那是他准备给顾言的现金。
顾言竟然把钱留在了这里。
可是,那个用来装现金的黑色大号旅行箱,却消失了。
一个可怕的想法在两人脑海中同时炸开。
顾言根本不是来捐骨髓的,他从一开始的目标,就是钱和……
带走药药!
“报警!快报警!”
裴珩的拳头攥得咯咯作响,大声的下达命令,手指因为愤怒而剧烈颤抖。
……
与此同时,一处偏僻的私人港口。
海风带着咸腥的湿气扑面而来,一个男人拖着一个沉重的黑色旅行箱,在夜色中匆匆走来。
正是顾言。
陈妍茜早已等在岸边,见他来了,脸上露出一丝担忧:“一会偷渡的船就到了,你刚给药药捐了骨髓,这么快就出院,身体能受得了吗?”

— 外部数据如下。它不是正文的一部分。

(* Let $n\ge2$, $s\in\mathbb{R}$, $0\le b<\frac12$ and $0<\varepsilon\le1-2b$. For $(\xi',\xi_n,\tau)\in\mathbb{R}^{n-1}\times\mathbb{R}\times\mathbb{R}$ define $$Q_1(\xi',\xi_n,\tau)=\chi_{\{1<\xi_n^2\le\frac12|\tau+\xi'^2|\}}\frac{(1+\xi'^2+|\tau+\xi'^2|)^s(1+|\tau+\xi'^2|)^{1/2}\xi_n}{(1+|\tau+\xi'^2+\xi_n^2|)^{2-\varepsilon}}.$$ Then for all $(\xi',\xi_n,\tau)\in\mathbb{R}^{n+1}$, $$Q_1\lesssim\begin{cases}(1+\xi'^2+\xi_n^2)^s(1+|\tau+\xi'^2+\xi_n^2|)^{-2b},&-\frac12\le s\le\frac12,\\ \big[(1+\xi'^2+\xi_n^2)^s+(1+|\tau|)^s\big](1+|\tau+\xi'^2+\xi_n^2|)^{-2b},&s<-\frac12\text{ or }s>\frac12.\end{cases}$$
   Context: $\xi'^2=|\xi'|^2$; $\chi_A$ is the characteristic function of the set $A$ (here the set of $(\xi',\xi_n,\tau)$ with $1<\xi_n^2\le\frac12|\tau+\xi'^2|$). *)

From HB Require Import structures.
From mathcomp Require Import all_boot all_order all_algebra.
From mathcomp Require Import all_classical all_reals all_analysis.
Set Implicit Arguments. Unset Strict Implicit. Unset Printing Implicit Defensive.
Import Order.TTheory GRing.Theory Num.Theory.
Local Open Scope ring_scope.

Definition sqnorm (R : realType) (m : nat) (xi' : 'rV[R]_m) : R :=
  \sum_(i < m) (xi' 0 i) ^+ 2.

Definition Q1 (R : realType) (m : nat) (s eps : R)
  (xi' : 'rV[R]_m) (xn tau : R) : R :=
  let a := sqnorm xi' in
  if (1 < xn ^+ 2) && (xn ^+ 2 <= `|tau + a| / 2) then
    (1 + a + `|tau + a|) `^ s * (1 + `|tau + a|) `^ (2^-1) * xn
      / (1 + `|tau + a + xn ^+ 2|) `^ (2 - eps)
  else 0.

Definition Q1bound (R : realType) (m : nat) (s b : R)
  (xi' : 'rV[R]_m) (xn tau : R) : R :=
  let a := sqnorm xi' in
  if (- 2^-1 <= s) && (s <= 2^-1) then
    (1 + a + xn ^+ 2) `^ s * (1 + `|tau + a + xn ^+ 2|) `^ (- (2 * b))
  else
    ((1 + a + xn ^+ 2) `^ s + (1 + `|tau|) `^ s)
      * (1 + `|tau + a + xn ^+ 2|) `^ (- (2 * b)).

(* On the support of the indicator, xn^2 <= |tau + xi'^2| / 2, so the time
   weights 1 + |tau + xi'^2 + xn^2| and 1 + |tau + xi'^2| agree up to a factor 2.
   As 2 - eps >= 1 + 2b, the (2 - eps)-th power of the first one therefore
   dominates (1 + |tau + xi'^2|) (1 + |tau + xi'^2 + xn^2|)^(2b), which bounds Q1
   by (1 + |tau + xi'^2 + xn^2|)^(-2b) times
   (1 + xi'^2 + |tau + xi'^2|)^s xn / (1 + |tau + xi'^2|)^(1/2).
   Here xn <= (1 + |tau + xi'^2|)^(1/2).  For s <= 0 the power is at most
   (1 + xi'^2 + xn^2)^s, and for s >= 0 it is at most
   4^s [(1 + xi'^2 + xn^2)^s + (1 + |tau|)^s] as |tau + xi'^2| <= |tau| + xi'^2.
   For 0 <= s <= 1/2 the (1 + |tau|)^s term disappears by interpolating between
   (1 + xi'^2 + |tau + xi'^2|) xn^2 <= (1 + xi'^2 + xn^2)(1 + |tau + xi'^2|)
   and xn^2 <= 1 + |tau + xi'^2|. *)

From HB Require Import structures.
From mathcomp Require Import all_boot all_order all_algebra.
From mathcomp Require Import all_classical all_reals all_analysis.
From mathcomp Require Import ring lra.
Set Implicit Arguments.
Unset Strict Implicit.
Unset Printing Implicit Defensive.
Import Order.TTheory GRing.Theory Num.Theory.
Local Open Scope ring_scope.

Section PowerInequalities.
Variable R : realType.
Implicit Types b eps r s u v x y : R.

Lemma le0_ger_powR s u v : s <= 0 -> 0 < u -> u <= v -> v `^ s <= u `^ s.
Proof.
move=> s_le0 u_gt0 uv; have v_gt0 := lt_le_trans u_gt0 uv.
rewrite -(opprK s) (powRN v) (powRN u) lef_pV2 ?posrE ?powR_gt0 //.
by apply: ge0_ler_powR uv; rewrite ?oppr_ge0 // nnegrE ltW.
Qed.

Lemma powR_addr_le s u v : 0 <= s -> 0 <= u -> 0 <= v ->
  (u + v) `^ s <= 2 `^ s * (u `^ s + v `^ s).
Proof.
move=> s_ge0; wlog uv : u v / u <= v => [hwlog u_ge0 v_ge0|u_ge0 v_ge0].
  have [uv|/ltW vu] := leP u v; first exact: hwlog uv u_ge0 v_ge0.
  by rewrite addrC [u `^ s + _]addrC; exact: hwlog vu v_ge0 u_ge0.
have le_uv : (u + v) `^ s <= (2 * v) `^ s.
  by apply: ge0_ler_powR; rewrite ?nnegrE //; lra.
rewrite (le_trans le_uv) // powRM //; apply: ler_wpM2l; first exact: powR_ge0.
by rewrite lerDr powR_ge0.
Qed.

Lemma powR_interp_le s r (P X M Y : R) :
  0 <= s <= r -> 0 <= P -> 0 < X -> 0 <= M -> X <= Y -> P * X <= M * Y ->
  P `^ s * X `^ r <= M `^ s * Y `^ r.
Proof.
move=> /andP[s_ge0 sr] P_ge0 X_gt0 M_ge0 XY PXMY; have Y_gt0 := lt_le_trans X_gt0 XY.
have [X_ge0 Y_ge0] := (ltW X_gt0, ltW Y_gt0).
have splitr (T : R) : 0 < T -> T `^ r = T `^ s * T `^ (r - s).
  by move=> T_gt0; rewrite -powRD ?subrKC // lt0r_neq0 ?implybT.
rewrite (splitr X X_gt0) (splitr Y Y_gt0) !mulrA -!powRM //.
apply: ler_pM; rewrite ?powR_ge0 //; apply: ge0_ler_powR;
  by rewrite ?subr_ge0 ?nnegrE ?mulr_ge0.
Qed.

Lemma normD_small_bounds (t y : R) : 0 <= y -> y <= `|t| / 2 ->
  (1 + `|t|) / 2 <= 1 + `|t + y| /\ 1 + `|t + y| <= 2 * (1 + `|t|).
Proof.
move=> y_ge0 y_small; have := lerB_normD t y; have := ler_normD t y.
rewrite (ger0_norm y_ge0); have := normr_ge0 t; lra.
Qed.

Lemma comparable_powR_ratio_le b eps x y : 0 <= b -> 0 <= eps -> eps <= 1 - 2 * b ->
  1 <= x -> x / 2 <= y -> y <= 2 * x -> x / y `^ (2 - eps) <= 8 * y `^ (- (2 * b)).
Proof.
move=> b_ge0 eps_ge0 eps_le x_ge1 xy yx; have [x_gt0 y_gt0] : 0 < x /\ 0 < y by lra.
suff prod : x * y `^ (2 * b) <= 8 * y `^ (2 - eps).
  by rewrite powRN ler_pdivrMr ?powR_gt0 // mulrAC ler_pdivlMr ?powR_gt0.
have y2b : y `^ (2 * b) <= 2 * x `^ (2 * b).
  apply: le_trans (_ : (2 * x) `^ (2 * b) <= _).
    by apply: ge0_ler_powR; rewrite ?nnegrE; lra.
  rewrite powRM; [|lra|lra]; apply: ler_wpM2r; first exact: powR_ge0.
  by rewrite -[leRHS]powRr1 //; apply: ler_powR; lra.
have xeps : x * x `^ (2 * b) <= x `^ (2 - eps).
  rewrite -{1}(powRr1 (ltW x_gt0)) -powRD ?lt0r_neq0 ?implybT //.
  apply: ler_powR; lra.
have yeps : x `^ (2 - eps) / 4 <= y `^ (2 - eps).
  apply: le_trans (_ : (x / 2) `^ (2 - eps) <= _); last first.
    by apply: ge0_ler_powR; rewrite ?nnegrE; lra.
  rewrite powRM; [|lra|lra]; apply: ler_wpM2l; first exact: powR_ge0.
  have quarter : (2^-1 : R) `^ 2 = 4^-1 by rewrite -[2]/(2%:R) powR_mulrn; lra.
  by rewrite -quarter ger_powR //; lra.
have := powR_ge0 x (2 * b); nra.
Qed.

Lemma sqr_le_powR12 x y : 0 <= x -> x ^+ 2 <= y -> x <= y `^ 2^-1.
Proof.
move=> x_ge0 xy; rewrite powR12_sqrt ?(le_trans (sqr_ge0 x)) //.
by rewrite -(ger0_norm x_ge0) -sqrtr_sqr ler_sqrt // (le_trans (sqr_ge0 x)).
Qed.

Lemma powR12_mulrr x : 0 <= x -> x `^ 2^-1 * x `^ 2^-1 = x.
Proof. by move=> x_ge0; rewrite powR12_sqrt // -expr2 sqr_sqrtr. Qed.

End PowerInequalities.

Definition Q1_weight (R : realType) (s a x tau : R) : R :=
  if (- 2^-1 <= s) && (s <= 2^-1) then (1 + a + x ^+ 2) `^ s
  else (1 + a + x ^+ 2) `^ s + (1 + `|tau|) `^ s.

Lemma Q1boundE (R : realType) m (s b : R) (xi' : 'rV[R]_m) xn tau :
  Q1bound s b xi' xn tau
  = Q1_weight s (sqnorm xi') xn tau
    * (1 + `|tau + sqnorm xi' + xn ^+ 2|) `^ (- (2 * b)).
Proof. by rewrite /Q1bound /Q1_weight; case: ifP. Qed.

Definition Q1_factor (R : realType) (s a tau x : R) : R :=
  (1 + a + `|tau + a|) `^ s * x / (1 + `|tau + a|) `^ 2^-1.

Section Q1Factor.
Variable R : realType.
Implicit Types s a x tau : R.

Lemma Q1_weight_ge s a x tau : (1 + a + x ^+ 2) `^ s <= Q1_weight s a x tau.
Proof. by rewrite /Q1_weight; case: ifP; rewrite ?lerDl ?powR_ge0. Qed.

Lemma Q1_weight_ge0 s a x tau : 0 <= Q1_weight s a x tau.
Proof. exact: le_trans (powR_ge0 _ _) (Q1_weight_ge _ _ _ _). Qed.

Lemma Q1_factor_le_powR s a tau x : 0 <= x -> x ^+ 2 <= `|tau + a| / 2 ->
  Q1_factor s a tau x <= (1 + a + `|tau + a|) `^ s.
Proof.
move=> x_ge0 x_small; have A_ge0 := normr_ge0 (tau + a).
rewrite ler_pdivrMr; last by apply: powR_gt0; lra.
by apply: ler_wpM2l; [exact: powR_ge0 | apply: sqr_le_powR12 => //; lra].
Qed.

Lemma Q1_factor_le_small s a tau x : 0 <= s <= 2^-1 -> 0 <= a -> 0 < x ->
  x ^+ 2 <= `|tau + a| / 2 -> Q1_factor s a tau x <= (1 + a + x ^+ 2) `^ s.
Proof.
move=> s_bounds a_ge0 x_gt0 x_small.
have [A_ge0 x2_ge0] := (normr_ge0 (tau + a), sqr_ge0 x).
rewrite ler_pdivrMr; last by apply: powR_gt0; lra.
have sqrt_x2 : (x ^+ 2) `^ 2^-1 = x.
  by rewrite powR12_sqrt ?sqr_ge0 // sqrtr_sqr gtr0_norm.
rewrite -{1}sqrt_x2; apply: powR_interp_le => //; rewrite ?exprn_gt0 //; try lra.
nra.
Qed.

Lemma powR_normD_split_le s a x tau : 0 <= s -> 0 <= a ->
  (1 + a + `|tau + a|) `^ s
  <= 4 `^ s * ((1 + a + x ^+ 2) `^ s + (1 + `|tau|) `^ s).
Proof.
move=> s_ge0 a_ge0; have := ler_normD tau a; rewrite (ger0_norm a_ge0) => tau_a.
have [[A_ge0 tau_ge0] x2_ge0] := (normr_ge0 (tau + a), normr_ge0 tau, sqr_ge0 x).
apply: le_trans (_ : (2 * ((1 + a + x ^+ 2) + (1 + `|tau|))) `^ s <= _).
  by apply: ge0_ler_powR; rewrite ?nnegrE; lra.
rewrite powRM; [|lra|lra]; have -> : (4 : R) = 2 * 2 by lra.
rewrite powRM; [|lra|lra]; rewrite -mulrA; apply: ler_wpM2l; first exact: powR_ge0.
by apply: powR_addr_le; lra.
Qed.

Lemma Q1_factor_le_weight s a tau x : 0 <= a -> 0 < x -> x ^+ 2 <= `|tau + a| / 2 ->
  Q1_factor s a tau x <= (1 + 4 `^ s) * Q1_weight s a x tau.
Proof.
move=> a_ge0 x_gt0 x_small; have x2_ge0 := sqr_ge0 x.
have to_powR := Q1_factor_le_powR s (ltW x_gt0) x_small.
have le_W k : k <= Q1_weight s a x tau -> k <= (1 + 4 `^ s) * Q1_weight s a x tau.
  by move=> kW; apply: le_trans kW _; rewrite mulrDl mul1r lerDl mulr_ge0 ?powR_ge0 ?Q1_weight_ge0.
have [s_le0 | s_gt0] := lerP s 0.
  apply/le_W/(le_trans to_powR)/(le_trans _ (Q1_weight_ge _ _ _ _)).
  by apply: le0_ger_powR => //; have := normr_ge0 (tau + a); lra.
have [s_le_half | s_gt_half] := lerP s 2^-1.
  apply: le_W; rewrite /Q1_weight ifT; last by apply/andP; split; lra.
  by apply: Q1_factor_le_small => //; apply/andP; split; lra.
rewrite /Q1_weight ifF; last by apply/negP => /andP[_]; lra.
apply: le_trans to_powR (le_trans (powR_normD_split_le x tau (ltW s_gt0) a_ge0) _).
by apply: ler_wpM2r; rewrite ?addr_ge0 ?powR_ge0 ?lerDr.
Qed.

End Q1Factor.

Lemma Q1_support_le (R : realType) (s b eps a tau x : R) :
  0 <= b -> 0 <= eps -> eps <= 1 - 2 * b ->
  0 <= a -> 0 < x -> x ^+ 2 <= `|tau + a| / 2 ->
  (1 + a + `|tau + a|) `^ s * (1 + `|tau + a|) `^ 2^-1 * x
    / (1 + `|tau + a + x ^+ 2|) `^ (2 - eps)
  <= 8 * (1 + 4 `^ s)
     * (Q1_weight s a x tau * (1 + `|tau + a + x ^+ 2|) `^ (- (2 * b))).
Proof.
move=> b_ge0 eps_ge0 eps_le a_ge0 x_gt0 x_small.
have [lo hi] := normD_small_bounds (sqr_ge0 x) x_small.
have A1_ge1 : 1 <= 1 + `|tau + a| by have := normr_ge0 (tau + a); lra.
have ratio := comparable_powR_ratio_le b_ge0 eps_ge0 eps_le A1_ge1 lo hi.
have factor := Q1_factor_le_weight s a_ge0 x_gt0 x_small; rewrite /Q1_factor in factor.
have YY := powR12_mulrr (le_trans ler01 A1_ge1).
set Y := (1 + `|tau + a|) `^ 2^-1 in factor YY *.
set D := (1 + `|tau + a + x ^+ 2|) `^ (2 - eps) in ratio *.
have Y_gt0 : 0 < Y by apply: powR_gt0; lra.
have D_gt0 : 0 < D by apply: powR_gt0; lra.
have -> : (1 + a + `|tau + a|) `^ s * Y * x / D
          = (1 + a + `|tau + a|) `^ s * x / Y * (Y * Y / D).
  by field; rewrite !gt_eqF.
rewrite YY; apply: le_trans (ler_pM _ _ factor ratio) _.
- by rewrite divr_ge0 ?mulr_ge0 ?powR_ge0 ?(ltW x_gt0) ?(ltW Y_gt0).
- by rewrite divr_ge0 ?(ltW D_gt0); lra.
- by rewrite mulrCA !mulrA.
Qed.

Theorem lemma5p1 (R : realType) (n : nat) (s b eps : R) :
  (2 <= n)%N -> 0 <= b -> b < 2^-1 -> 0 < eps -> eps <= 1 - 2 * b ->
  exists C : R, 0 < C /\
    forall (xi' : 'rV[R]_(n.-1)) (xn tau : R),
      Q1 s eps xi' xn tau <= C * Q1bound s b xi' xn tau.
Proof.
move=> _ b_ge0 _ eps_gt0 eps_le.
have four_ge0 := powR_ge0 4 s.
exists (8 * (1 + 4 `^ s)); split=> [|xi' xn tau]; first lra.
rewrite /Q1 Q1boundE /=.
have a_ge0 : 0 <= sqnorm xi' by apply: sumr_ge0 => i _; exact: sqr_ge0.
have rhs_ge0 : 0 <= 8 * (1 + 4 `^ s) * (Q1_weight s (sqnorm xi') xn tau
                 * (1 + `|tau + sqnorm xi' + xn ^+ 2|) `^ (- (2 * b))).
  by rewrite !mulr_ge0 ?powR_ge0 ?Q1_weight_ge0 //; lra.
case: ifP => [/andP[_ xn_small] | _] //.
have [xn_le0 | xn_gt0] := lerP xn 0.
  apply: le_trans rhs_ge0.
  by rewrite mulr_le0_ge0 ?invr_ge0 ?powR_ge0 // mulr_ge0_le0 ?mulr_ge0 ?powR_ge0.
exact: Q1_support_le b_ge0 (ltW eps_gt0) eps_le a_ge0 xn_gt0 xn_small.
Qed.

顾言的脸上浮现出一抹嘲讽的冷笑,“捐骨髓?陈妍茜,你未免也太天真了。”
他停下脚步,眼神冰冷:“想让我为裴珩和江沐霖的女儿伤害我自己的身体?做梦!我怎么可能为了那个小杂种,拿我自己的健康开玩笑。”
陈妍茜如遭五雷轰顶,整个人都僵住了。
她难以置信地看着顾言,“你……你没捐?那你把药药带到哪里去了?顾言,虎毒尚不食子啊!她也是你的女儿,你这样做是逼着她去死!”
“女儿?”
顾言像是听到了天大的笑话,一把抓住她的手腕,“我再说一遍,那个病殃殃的小东西,现在已经是裴珩的女儿!如果你还想念着她,那你就留在这里,不用跟我去国外了!”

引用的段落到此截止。